Write quickly (but not about your brother and his schnauzer)

Until we meet soon

Anna


Thursday, July 05, 2012

Now look here!

How dare you call me a wimp.

What about that time you were playing with my brother's schnauzer, and he bit you? There was hardly any blood but you screamed the place down. Demanded to be taken to A&E immediately. Which I did, causing me to miss the DNA results on Jeremy Kyle.

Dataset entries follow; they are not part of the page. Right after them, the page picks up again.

(* Let $\mathcal{X}'\subseteq\mathcal{X}$ be a set of pairwise backward kinematically inseparable observations. Then there exists $u\in\Delta(\mathcal{X})$ with $\mathrm{supp}(u)=\mathcal{X}$ such that for all $x',x''\in\mathcal{X}'$, $$\forall x\in\mathcal{X},a\in\mathcal{A}:\quad\frac{T(x'\mid x,a)}{u(x')}=\frac{T(x''\mid x,a)}{u(x'')}.$$ Conversely, if this identity holds for some $u\in\Delta(\mathcal{X})$ with full support and all $x',x''\in\mathcal{X}'\subseteq\mathcal{X}$, then $\mathcal{X}'$ is a backward kinematically inseparable set.
   Context: Block MDP: horizon $H$; finite latent states $\mathcal{S}=\sqcup_h\mathcal{S}_h$; countable observations $\mathcal{X}=\sqcup_h\mathcal{X}_h$; finite actions $\mathcal{A}$; transitions $T(\cdot\mid s,a)\in\Delta(\mathcal{S}_{h+1})$ for $s\in\mathcal{S}_h$; emissions $q(\cdot\mid s)\in\Delta(\mathcal{X}_h)$ with pairwise disjoint supports, giving a decoder $g^\star$. Observation transitions: $T(x'\mid x,a)=q(x'\mid g^\star(x'))T(g^\star(x')\mid g^\star(x),a)$. For $u\in\Delta(\mathcal{X}\times\mathcal{A})$ with full support, $\mathbb{P}_u(x,a\mid x')=\frac{T(x'\mid x,a)u(x,a)}{\sum_{\tilde x,\tilde a}T(x'\mid\tilde x,\tilde a)u(\tilde x,\tilde a)}$; $x_1',x_2'$ are backward kinematically inseparable if $\mathbb{P}_u(\cdot\mid x_1')=\mathbb{P}_u(\cdot\mid x_2')$ for every full-support $u$ (an equivalence relation); a backward KI set is a set of pairwise backward KI observations. *)

From HB Require Import structures.
From mathcomp Require Import all_boot all_order all_algebra.
From mathcomp Require Import all_classical all_reals all_analysis.
Set Implicit Arguments. Unset Strict Implicit. Unset Printing Implicit Defensive.
Import Order.TTheory GRing.Theory Num.Theory.
Local Open Scope classical_set_scope.
Local Open Scope ring_scope.

Section BlockMDP.
Variables (R : realType) (S : finType) (X : countType) (A : finType).

Definition is_distr (Y : countType) (u : Y -> R) : Prop :=
  (forall y, 0 <= u y) /\ (\esum_(y in [set: Y]) (u y)%:E = 1%E).

Definition full_support (Y : Type) (u : Y -> R) : Prop := forall y, 0 < u y.

(* Block MDP with horizon H; layers are numbered 1..H.
   T s a s' = T(s' | s, a), q s x = q(x | s), g = decoder g*. *)
Definition block_mdp (H : nat) (layerS : S -> nat) (layerX : X -> nat)
    (T : S -> A -> S -> R) (q : S -> X -> R) (g : X -> S) : Prop :=
  (forall s, (1 <= layerS s <= H)%N) /\
      (forall x, (1 <= layerX x <= H)%N) /\
      (forall s a s', 0 <= T s a s') /\
      (forall s a, (layerS s < H)%N ->
          (forall s', 0 < T s a s' -> layerS s' = (layerS s).+1) /\
          \sum_(s' : S) T s a s' = 1) /\
      (forall s a s', layerS s = H -> T s a s' = 0) /\
      (forall s, is_distr (q s) /\
                 (forall x, 0 < q s x -> layerX x = layerS s)) /\
      (* pairwise disjoint supports, decoded by g *)
      (forall s x, 0 < q s x -> g x = s).

Definition obsT (T : S -> A -> S -> R) (q : S -> X -> R) (g : X -> S)
    (x : X) (a : A) (x' : X) : R :=
  q (g x') x' * T (g x) a (g x').
Inductive in_subalg_gen {A : algType K} (gens : seq A) : A -> Prop :=
| sg_gen x : x \in gens -> in_subalg_gen gens x
| sg_one : in_subalg_gen gens 1
| sg_add x y : in_subalg_gen gens x -> in_subalg_gen gens y -> in_subalg_gen gens (x + y)
| sg_scale (a : K) x : in_subalg_gen gens x -> in_subalg_gen gens (a *: x)
| sg_mul x y : in_subalg_gen gens x -> in_subalg_gen gens y -> in_subalg_gen gens (x * y).

Definition pbw_mono {U : algType K} (E F H : U) (t : nat * nat * nat) : U :=
  E ^+ t.1.1 * F ^+ t.1.2 * H ^+ t.2.

(* (U, E, F, H) is (a model of) the universal enveloping algebra U(sl_2):
   the sl_2 relations hold and the PBW monomials E^i F^j H^k form a basis. *)
Definition is_Usl2 {U : algType K} (E F H : U) : Prop :=
  [/\ comm H E = 2%:R * E, comm H F = - (2%:R * F), comm E F = H,
      (forall (s : seq (nat * nat * nat)) (c : nat * nat * nat -> K),
          uniq s -> \sum_(t <- s) c t *: pbw_mono E F H t = 0 ->
          forall t, t \in s -> c t = 0) &
      (forall u : U, exists (s : seq (nat * nat * nat)) (c : nat * nat * nat -> K),
          u = \sum_(t <- s) c t *: pbw_mono E F H t)].

Definition pbw_deg (t : nat * nat * nat) : int := (t.1.1)%:Z - (t.1.2)%:Z.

AND for your information, the Royal Air Force is part of the military.

 I see they have found the Higgs Boson particle - in Switzerland, of all places. Wouldn't you think that something so important would have been found in a proper country - like America?

I mean, who exactly are the Swiss?  I know they live in a tiny country called Switzerland, hemmed in by Germany, France, Italy and Austria - but who are they? They don' t make anything - except cuckoo-clocks and cheese with holes (and they teach Yodelling, but there can't be a big demand for that) so where do they get their money? 
 
And now they've got this Collider thing which - according the newspapers - has gone and found this particle that explains how the universe began.


Okay, so they got mountains - but so has America.  So why couldn't they have built this machine under the Rockies? I think there is something here we are not being told.

Is connected with the banking scandal? (I suppose you have heard of the Gnomes of Zurich, Anna?). Is Bob Diamond, who pretends to be American, really Swiss?

 I'll grant you the Swiss are civilised, enlightened (one of only four countries to allow voluntary euthanasia) and they don't get involved in wars and stuff like that. But even so, there's something fishy going on here.


Anyway, I haven't got time to get drawn into all this stuff.


Okay, re Gerda's flat - let's go for it.


Can't wait.


George

Monday, July 02, 2012

What is all this talk about lady dentists? Do perhaps you see lady dentist as mother figure who is taking care of her little boy with having to do nasty thing to him for sake of his own benefit? I think this is most unhealthy psychology.

Also is being baby about sore mouth. They would not allow in military which you say you serve in to be such wimpy person. Anyway you do not serve in military - this I know because you tell me you serve in RAF.

I am thinking when you say what is other circumstances where lady with rubber gloves shove hand in mouth of other person, this is what is called 'rhetorical question'?  So am not answering it. But I could.


I do not think Gerda return unexpectantly but how can one be certain when one is not psychic person? Anyways does not the small hint of danger excite? You always saying you like live on the edge (except when you fall off edge of bed and injure oneself) so why not take opportunity to live further on edge? This is what I am saying.

Oh and this thing about woodworms measuring in periclues or whatever sounds very disturbing. Are you still taking your medications?